_WHAT THE TASK ASKS:_ Would you please copy each line of the listing that mentions "square"?

........

(* Let $k\ge 1$. The square complex orthogonal designs $\mathcal{C}_k$ and $\mathcal{C}_k^-$ induce two non-equivalent irreducible representations of dimension $2^{k-1}$ of the group $\mathcal{G}_{2k-1}$.
   Context: Let $z_1,\ldots,z_k$ be formal complex indeterminates, with $z_i^*$ the complex conjugate. Define recursively $\mathcal{C}_1=(z_1)$ and, for $k>1$, the $2^{k-1}\times 2^{k-1}$ matrix $\mathcal{C}_k=\begin{pmatrix}\mathcal{C}_{k-1} & z_k I_{2^{k-2}}\\ -z_k^* I_{2^{k-2}} & \mathcal{C}_{k-1}^H\end{pmatrix}$, and let $\mathcal{C}_k^-$ be obtained from $\mathcal{C}_k$ by replacing $z_k$ with $z_k^*$. Both satisfy $\mathcal{C}^H\mathcal{C}=(\sum_i|z_i|^2)I$. For $m\ge 0$, $\mathcal{G}_{m}$ denotes the group of order $2^{m+1}$ generated by $g_1,\ldots,g_m$ and a central element $-1$ of order $2$, subject to $g_i^2=-1$ and $g_ig_j=-g_jg_i$ for $i\ne j$; its elements are $\pm\prod_{i\in S}g_i$, $S\subseteq\{1,\ldots,m\}$. Representation induced by a square design: write a square design $\mathcal{O}$ of size $n$ in the $k$ variables as $\mathcal{O}=\sum_{i=1}^k(z_iA_i+z_i^*B_i)$ with $A_i,B_i\in M_n(\mathbb{C})$; with $z_i=x_i+\sqrt{-1}y_i$ this is $\sum_{i=1}^k x_iF_i+\sum_{i=1}^k y_iF_{k+i}$ where $F_i=A_i+B_i$, $F_{k+i}=\sqrt{-1}(A_i-B_i)$. Set $E_{j}=F_{j+1}$ for $j=0,\ldots,2k-1$ (these are unitary and satisfy $E_i^HE_j+E_j^HE_i=0$ for $i\neq j$), and $G_i=E_0^HE_i$ for $i=1,\ldots,2k-1$. The induced representation $\rho:\mathcal{G}_{2k-1}\to U_n(\mathbb{C})$ is the homomorphism with $\rho(g_i)=G_i$ and $\rho(-1)=-I_n$. *)

From HB Require Import structures.
From mathcomp Require Import all_boot all_order all_algebra.
Set Implicit Arguments. Unset Strict Implicit. Unset Printing Implicit Defensive.
Import Order.TTheory GRing.Theory Num.Theory.
Local Open Scope ring_scope.

(* Complex field: an arbitrary numClosedFieldType C (e.g. algC, or R[i] for
   R : rcfType); conjugation is Num.conj (notation z^* ), 'i is Num.i. *)

Section Designs.
Variable C : numClosedFieldType.

Definition mxH (n : nat) (A : 'M[C]_n) : 'M[C]_n := (map_mx Num.conj A)^T.

(* A square design of size n in the variables z_0, z_1, ... (0-indexed) is
   given by its coefficient matrices: O = \sum_i (z_i A_i + z_i^* B_i);
   D i = (A_i, B_i). (Only finitely many indices are nonzero.) *)
Definition design (n : nat) := nat -> 'M[C]_n * 'M[C]_n.

(* Conjugate transpose of a design: (z A + z^* B)^H = z^* A^H + z B^H *)
Definition designH n (D : design n) : design n :=
  fun i => (mxH (D i).2, mxH (D i).1).

(* size of C_{k+1} : 2^k, given with the block structure *)
Fixpoint sz (k : nat) : nat := if k is k'.+1 then sz k' + sz k' else 1.

(* Cdes k = the design C_{k+1} in variables z_1..z_{k+1} (stored at 0..k) *)
Fixpoint Cdes (k : nat) : design (sz k) :=
  match k with
  | 0 => fun i => if i == 0%N then (1%:M, 0) else (0, 0)
  | k'.+1 => fun i =>
      if (i < k'.+1)%N then
        (block_mx (Cdes k' i).1 0 0 (designH (Cdes k') i).1,
         block_mx (Cdes k' i).2 0 0 (designH (Cdes k') i).2)
      else if i == k'.+1 then
        (block_mx 0 1%:M 0 0, block_mx 0 0 (- 1%:M) 0)
      else (0, 0)
  end.

(* C^-_{k+1}: replace the last variable z_{k+1} by its conjugate, i.e.
   swap its coefficient matrices A and B *)
Definition Cminus (k : nat) : design (sz k) :=
  fun i => if i == k then ((Cdes k i).2, (Cdes k i).1) else Cdes k i.

(* F_1..F_{2k}, reindexed as E_0..E_{2k-1} (E_j = F_{j+1}), for a design in
   k variables *)
Definition Emx n (k : nat) (D : design n) (j : nat) : 'M[C]_n :=
  if (j < k)%N then (D j).1 + (D j).2
  else 'i *: ((D (j - k)%N).1 - (D (j - k)%N).2).

(* G_i = E_0^H E_i, i = 1..2k-1; generator g_{i+1} is indexed by i : 'I_m,
   m = 2k-1 *)
Definition Gmx n k (D : design n) (i : 'I_(2 * k).-1) : 'M[C]_n :=
  mxH (Emx k D 0) *m Emx k D i.+1.

End Designs.

(* The group G_m: elements  (-1)^s * prod_{i in S} g_i  (product in increasing
   order of indices), encoded as (s, S). *)
Definition Gelt (m : nat) := (bool * {set 'I_m})%type.

(* Group law in this normal form:
   g_S g_T = (-1)^(#{(i,j) in S x T | j < i} + #(S :&: T)) g_(S Delta T)
   (using g_i^2 = -1 and g_i g_j = - g_j g_i for i <> j). *)
Definition Gmul m (x y : Gelt m) : Gelt m :=
  let: (s, A) := x in let: (t, B) := y in
  (s (+) t (+) odd (#|[set p in setX A B | (p.2 < p.1)%N]| + #|A :&: B|),
   (A :\: B) :|: (B :\: A)).

Section Reps.
Variable C : numClosedFieldType.

Definition rho_of n m (G : 'I_m -> 'M[C]_n) (x : Gelt m) : 'M[C]_n :=
  let: (s, A) := x in (-1) ^+ s *: \big[mulmx/1%:M]_(i in A) G i.

Definition is_unitary_rep n m (G : 'I_m -> 'M[C]_n) : Prop :=
  (forall x y, rho_of G (Gmul x y) = rho_of G x *m rho_of G y) /\
  (forall x, rho_of G x *m mxH (rho_of G x) = 1%:M).

(* irreducible: n > 0 and no proper nonzero subspace of C^n (column vectors)
   invariant under all rho(x); a subspace is the row space of U, and
   invariance of columns under v |-> rho(x) v is  U rho(x)^T <= U. *)
Definition irreducible_rep n m (G : 'I_m -> 'M[C]_n) : Prop :=
  (0 < n)%N /\
  forall U : 'M[C]_n,
    (forall x, (U *m (rho_of G x)^T <= U)%MS) ->
    \rank U = 0%N \/ \rank U = n.

Definition equivalent_reps n m (G1 G2 : 'I_m -> 'M[C]_n) : Prop :=
  exists P : 'M[C]_n, P \in unitmx /\
    forall x, P *m rho_of G1 x = rho_of G2 x *m P.

End Reps.
Arguments Gmx {C n} k D i.

From HB Require Import structures.
From mathcomp Require Import all_boot all_order all_algebra zify.
Set Implicit Arguments. Unset Strict Implicit. Unset Printing Implicit Defensive.
Import Order.TTheory GRing.Theory Num.Theory.
Local Open Scope ring_scope.

(* The coefficient matrices E_0, ..., E_(2k-1) of C_k satisfy the Hurwitz-Radon
   relations E_a^H E_b + E_b^H E_a = 2 delta_ab I = E_a E_b^H + E_b E_a^H, by
   induction along the block recursion.  Hence the G_i = E_0^H E_i are unitary,
   square to -1 and pairwise anticommute, which is what makes rho a unitary
   representation; passing to C_k^- only negates the last generator.  With
   N = 2k-2, the 2^N products of subsets of G_1, ..., G_N are orthonormal for the
   trace form (a nontrivial product anticommutes with some generator, so it is
   traceless), hence they span all matrices of size 2^(k-1).  Therefore an
   invariant subspace is invariant under every matrix, and an intertwiner
   commutes with every matrix, in particular with the product Z of all the
   generators; since the two representations send Z to Z and -Z, it is 0. *)

Section Adjoint.
Variable C : numClosedFieldType.
Implicit Types n : nat.

Lemma mxHD n (A B : 'M[C]_n) : mxH (A + B) = mxH A + mxH B.
Proof. by rewrite /mxH map_mxD linearD. Qed.

Lemma mxHN n (A : 'M[C]_n) : mxH (- A) = - mxH A.
Proof. by rewrite /mxH map_mxN linearN. Qed.

Lemma mxHB n (A B : 'M[C]_n) : mxH (A - B) = mxH A - mxH B.
Proof. by rewrite mxHD mxHN. Qed.

Lemma mxHZ n c (A : 'M[C]_n) : mxH (c *: A) = c^* *: mxH A.
Proof. by rewrite /mxH map_mxZ linearZ. Qed.

Lemma mxHM n (A B : 'M[C]_n) : mxH (A *m B) = mxH B *m mxH A.
Proof. by rewrite /mxH map_mxM trmx_mul. Qed.

Lemma mxH_scalar n c : mxH (c%:M : 'M[C]_n) = c^*%:M.
Proof. by rewrite /mxH map_scalar_mx tr_scalar_mx. Qed.

Lemma mxH1 n : mxH (1%:M : 'M[C]_n) = 1%:M.
Proof. by rewrite mxH_scalar conjC1. Qed.

Lemma mxH0 n : mxH (0 : 'M[C]_n) = 0.
Proof. by rewrite /mxH map_mx0 trmx0. Qed.

Lemma mxHK n : involutive (@mxH C n).
Proof. by move=> A; apply/matrixP => i j; rewrite !mxE conjCK. Qed.

Lemma mxH_block s (A B D E : 'M[C]_s) :
  mxH (block_mx A B D E) = block_mx (mxH A) (mxH D) (mxH B) (mxH E).
Proof. by rewrite /mxH map_block_mx tr_block_mx. Qed.

End Adjoint.

HB.instance Definition _ (R : pzRingType) (n : nat) :=
  Monoid.isLaw.Build 'M[R]_n 1%:M (@mulmx R n n n)
    (@mulmxA R n n n n) (@mul1mx R n n) (@mulmx1 R n n).

Definition inversions m (A B : {set 'I_m}) : nat :=
  #|[set p in setX A B | (p.2 < p.1)%N]|.

Definition symdiff m (A B : {set 'I_m}) : {set 'I_m} := (A :\: B) :|: (B :\: A).

Lemma in_symdiff m (A B : {set 'I_m}) i : (i \in symdiff A B) = (i \in A) (+) (i \in B).
Proof. by rewrite !inE; case: (i \in A); case: (i \in B). Qed.

Lemma symdiffK m (A B : {set 'I_m}) : symdiff A (symdiff A B) = B.
Proof. by apply/setP => i; rewrite !in_symdiff; case: (i \in A); case: (i \in B). Qed.

Lemma preimset_symdiff m (A B : {set 'I_m.+1}) :
  lift ord0 @^-1: symdiff A B = symdiff (lift ord0 @^-1: A) (lift ord0 @^-1: B).
Proof. by apply/setP => i; rewrite !inE. Qed.

Lemma card_lift_recl m (A : {set 'I_m.+1}) :
  #|A| = ((ord0 \in A) + #|lift ord0 @^-1: A|)%N.
Proof.
rewrite -!sum1_card big_mkcond big_ord_recl /= [in RHS]big_mkcond /=.
by congr addn; apply: eq_bigr => i _; rewrite inE.
Qed.

Lemma inversions_recl m (A B : {set 'I_m.+1}) :
  inversions A B = ((ord0 \in B) * #|lift ord0 @^-1: A|
                    + inversions (lift ord0 @^-1: A) (lift ord0 @^-1: B))%N.
Proof.
have sum_pairs m' (X Y : {set 'I_m'}) :
    inversions X Y = (\sum_a \sum_b ((a \in X) && (b \in Y) && (b < a)%N))%N.
  rewrite /inversions -sum1_card big_mkcond pair_big /=.
  by apply: eq_bigr => -[a b] _; rewrite !inE /=; case: (_ && _).
rewrite !sum_pairs big_ord_recl /= big1 ?add0n; last first.
  by move=> b _; rewrite ltn0 andbF.
rewrite -sum1_card [X in (_ * X)%N]big_mkcond big_distrr /= -big_split /=.
apply: eq_bigr => a _; rewrite big_ord_recl /= !inE.
by case: (lift ord0 a \in A); case: (ord0 \in B) => /=;
  congr addn; apply: eq_bigr => b _; rewrite inE.
Qed.

Lemma Gmul_sign_recl m (A B : {set 'I_m.+1}) :
  let A' := lift ord0 @^-1: A in let B' := lift ord0 @^-1: B in
  (inversions A B + #|A :&: B|)%N =
  ((ord0 \in B) * #|A'| + ((ord0 \in A) && (ord0 \in B))
   + (inversions A' B' + #|A' :&: B'|))%N.
Proof.
rewrite /= inversions_recl (card_lift_recl (A :&: B)).
have -> : lift ord0 @^-1: (A :&: B) = lift ord0 @^-1: A :&: lift ord0 @^-1: B.
  by apply/setP => i; rewrite !inE.
by rewrite inE; case: (_ && _) => /=; lia.
Qed.

Section Products.
Variables (C : numClosedFieldType) (n : nat).
Implicit Types (m : nat) (X : 'M[C]_n).

Definition mxprod m (G : 'I_m -> 'M[C]_n) (A : {set 'I_m}) : 'M[C]_n :=
  \big[mulmx/1%:M]_(i in A) G i.

Lemma rho_ofE m (G : 'I_m -> 'M[C]_n) s A : rho_of G (s, A) = (-1) ^+ s *: mxprod G A.
Proof. by []. Qed.

Lemma mxprod_commute m (G : 'I_m -> 'M[C]_n) X (c : 'I_m -> C) :
  (forall i, X *m G i = c i *: (G i *m X)) ->
  forall A, X *m mxprod G A = (\prod_(i in A) c i) *: (mxprod G A *m X).
Proof.
move=> XG A; rewrite /mxprod; elim/big_rec2: _ => [|i Y p _ IH].
  by rewrite mulmx1 mul1mx scale1r.
by rewrite mulmxA XG -scalemxAl -mulmxA IH -scalemxAr scalerA mulmxA.
Qed.

Lemma mxprod_anticommute m (G : 'I_m -> 'M[C]_n) X :
  (forall i, X *m G i = - (G i *m X)) ->
  forall A, X *m mxprod G A = (-1) ^+ #|A| *: (mxprod G A *m X).
Proof.
move=> XG A; rewrite (mxprod_commute (c := fun=> -1)) ?prodr_const //.
by move=> i; rewrite XG scaleN1r.
Qed.

Lemma mxprod_scale m (G G' : 'I_m -> 'M[C]_n) (c : 'I_m -> C) :
  (forall i, G' i = c i *: G i) ->
  forall A, mxprod G' A = (\prod_(i in A) c i) *: mxprod G A.
Proof.
move=> GG' A; rewrite /mxprod; elim/big_rec3: _ => [|i p Y Z _ ->].
  by rewrite scale1r.
by rewrite GG' -scalemxAl -scalemxAr scalerA.
Qed.

Lemma mxprod_recl m (G : 'I_m.+1 -> 'M[C]_n) A :
  mxprod G A = (if ord0 \in A then G ord0 else 1%:M)
               *m mxprod (fun i => G (lift ord0 i)) (lift ord0 @^-1: A).
Proof.
rewrite /mxprod big_mkcond big_ord_recl /=; congr (_ *m _).
by rewrite [RHS]big_mkcond; apply: eq_bigr => i _; rewrite inE.
Qed.

Lemma mxprod_unitary m (G : 'I_m -> 'M[C]_n) :
  (forall i, G i *m mxH (G i) = 1%:M) ->
  forall A, mxprod G A *m mxH (mxprod G A) = 1%:M.
Proof.
move=> GU A; rewrite /mxprod; elim/big_rec: _ => [|i Y _ IH].
  by rewrite mxH1 mulmx1.
by rewrite mxHM mulmxA -(mulmxA (G i)) IH mulmx1 GU.
Qed.
(* Let $\alpha_1,\alpha_2$ be distinct closed cells of $\widetilde{V}_1$ whose intersection $\alpha=\alpha_1\cap\alpha_2$ is a common face. Then $N^\circ_{\alpha_1}\cap N^\circ_{\alpha_2}=N^\circ_{\alpha}$.
   Context: Let $\widetilde{W}$ be the well-rounded retract for $\mathrm{SL}_4$: the set of positive definite real symmetric $4\times4$ matrices $A$ with $\min\{xAx^t: x\in\mathbb{Z}^4\setminus\{0\}\}=1$ whose minimal vectors span $\mathbb{R}^4$; it is a locally finite regular cell complex with convex closed cells, and with respect to a fixed triangulation its first barycentric subdivision is a simplicial complex. Let $\sigma$ be the $6$-cell whose minimal vectors are $\pm e_1,\dots,\pm e_4$, let $\mathrm{Sp}_4(\mathbb{Z})$ be the integer matrices $g$ with $g\Omega g^t=\Omega$ for $\Omega$ with rows $(0,0,0,1),(0,0,1,0),(0,-1,0,0),(-1,0,0,0)$, acting by $A\mapsto \gamma A\gamma^t$, and let $\widetilde{V}_1=\bigcup_{\gamma\in\mathrm{Sp}_4(\mathbb{Z})}\gamma\cdot\sigma$, viewed as a simplicial subcomplex of the first barycentric subdivision of $\widetilde{W}$. For a simplicial complex $K$ and a vertex $v$, $\overline{\mathrm{star}}(v;K)$ is the closure of the set of simplices having $v$ as a face; for a full subcomplex $K_0$ (no simplex of $K\setminus K_0$ has all vertices in $K_0$), $N(K_0;K)=\bigcup_{v\text{ vertex of }K_0}\overline{\mathrm{star}}(v;K)$. Writing $K^{(2)}$ for the second barycentric subdivision, for each closed cell $\alpha$ of $\widetilde{V}_1$ let $N_\alpha=|N(\alpha^{(2)};\widetilde{V}_1^{(2)})|$ (the second derived neighborhood of $\alpha$) and $N^\circ_\alpha$ its interior. *)

From HB Require Import structures.
From mathcomp Require Import all_boot all_order all_algebra.
From mathcomp Require Import boolp classical_sets reals.
From Stdlib Require List.
Set Implicit Arguments. Unset Strict Implicit. Unset Printing Implicit Defensive.
Import Order.TTheory GRing.Theory Num.Theory.
Local Open Scope ring_scope.
Local Open Scope classical_set_scope.

Section WR.
Variable R : realType.
Notation M := 'M[R]_4.

Definition toR (m n : nat) (x : 'M[int]_(m, n)) : 'M[R]_(m, n) :=
  map_mx (fun z : int => z%:~R) x.

Definition qf (A : M) (x : 'rV[R]_4) : R := (x *m A *m x^T) 0 0.

Definition symmetric (A : M) : Prop := A^T = A.
Definition posdef (A : M) : Prop :=
  symmetric A /\ forall x : 'rV[R]_4, x != 0 -> 0 < qf A x.

(* minimal vectors (for A with arithmetic minimum 1) *)
Definition Min (A : M) : set 'rV[int]_4 :=
  [set x | x != 0 /\ qf A (toR x) = 1].

Definition inW (A : M) : Prop :=
  posdef A /\
  (forall x : 'rV[int]_4, x != 0 -> 1 <= qf A (toR x)) /\
  (* the minimal vectors span R^4: four of them are linearly independent *)
  (exists B : 'M[int]_4, (forall i, Min A (row i B)) /\ \det (toR B) != 0).

Definition cellof (S : set 'rV[int]_4) : set M :=
  [set A | inW A /\ S `<=` Min A].

Definition cell (a : set M) : Prop :=
  exists A0, inW A0 /\ a = cellof (Min A0).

........

_RESULT FOR THIS EXERCISE:_
(* Let $k\ge 1$. The square complex orthogonal designs $\mathcal{C}_k$ and $\mathcal{C}_k^-$ induce two non-equivalent irreducible representations of dimension $2^{k-1}$ of the group $\mathcal{G}_{2k-1}$.
   Context: Let $z_1,\ldots,z_k$ be formal complex indeterminates, with $z_i^*$ the complex conjugate. Define recursively $\mathcal{C}_1=(z_1)$ and, for $k>1$, the $2^{k-1}\times 2^{k-1}$ matrix $\mathcal{C}_k=\begin{pmatrix}\mathcal{C}_{k-1} & z_k I_{2^{k-2}}\\ -z_k^* I_{2^{k-2}} & \mathcal{C}_{k-1}^H\end{pmatrix}$, and let $\mathcal{C}_k^-$ be obtained from $\mathcal{C}_k$ by replacing $z_k$ with $z_k^*$. Both satisfy $\mathcal{C}^H\mathcal{C}=(\sum_i|z_i|^2)I$. For $m\ge 0$, $\mathcal{G}_{m}$ denotes the group of order $2^{m+1}$ generated by $g_1,\ldots,g_m$ and a central element $-1$ of order $2$, subject to $g_i^2=-1$ and $g_ig_j=-g_jg_i$ for $i\ne j$; its elements are $\pm\prod_{i\in S}g_i$, $S\subseteq\{1,\ldots,m\}$. Representation induced by a square design: write a square design $\mathcal{O}$ of size $n$ in the $k$ variables as $\mathcal{O}=\sum_{i=1}^k(z_iA_i+z_i^*B_i)$ with $A_i,B_i\in M_n(\mathbb{C})$; with $z_i=x_i+\sqrt{-1}y_i$ this is $\sum_{i=1}^k x_iF_i+\sum_{i=1}^k y_iF_{k+i}$ where $F_i=A_i+B_i$, $F_{k+i}=\sqrt{-1}(A_i-B_i)$. Set $E_{j}=F_{j+1}$ for $j=0,\ldots,2k-1$ (these are unitary and satisfy $E_i^HE_j+E_j^HE_i=0$ for $i\neq j$), and $G_i=E_0^HE_i$ for $i=1,\ldots,2k-1$. The induced representation $\rho:\mathcal{G}_{2k-1}\to U_n(\mathbb{C})$ is the homomorphism with $\rho(g_i)=G_i$ and $\rho(-1)=-I_n$. *)
(* A square design of size n in the variables z_0, z_1, ... (0-indexed) is
   square to -1 and pairwise anticommute, which is what makes rho a unitary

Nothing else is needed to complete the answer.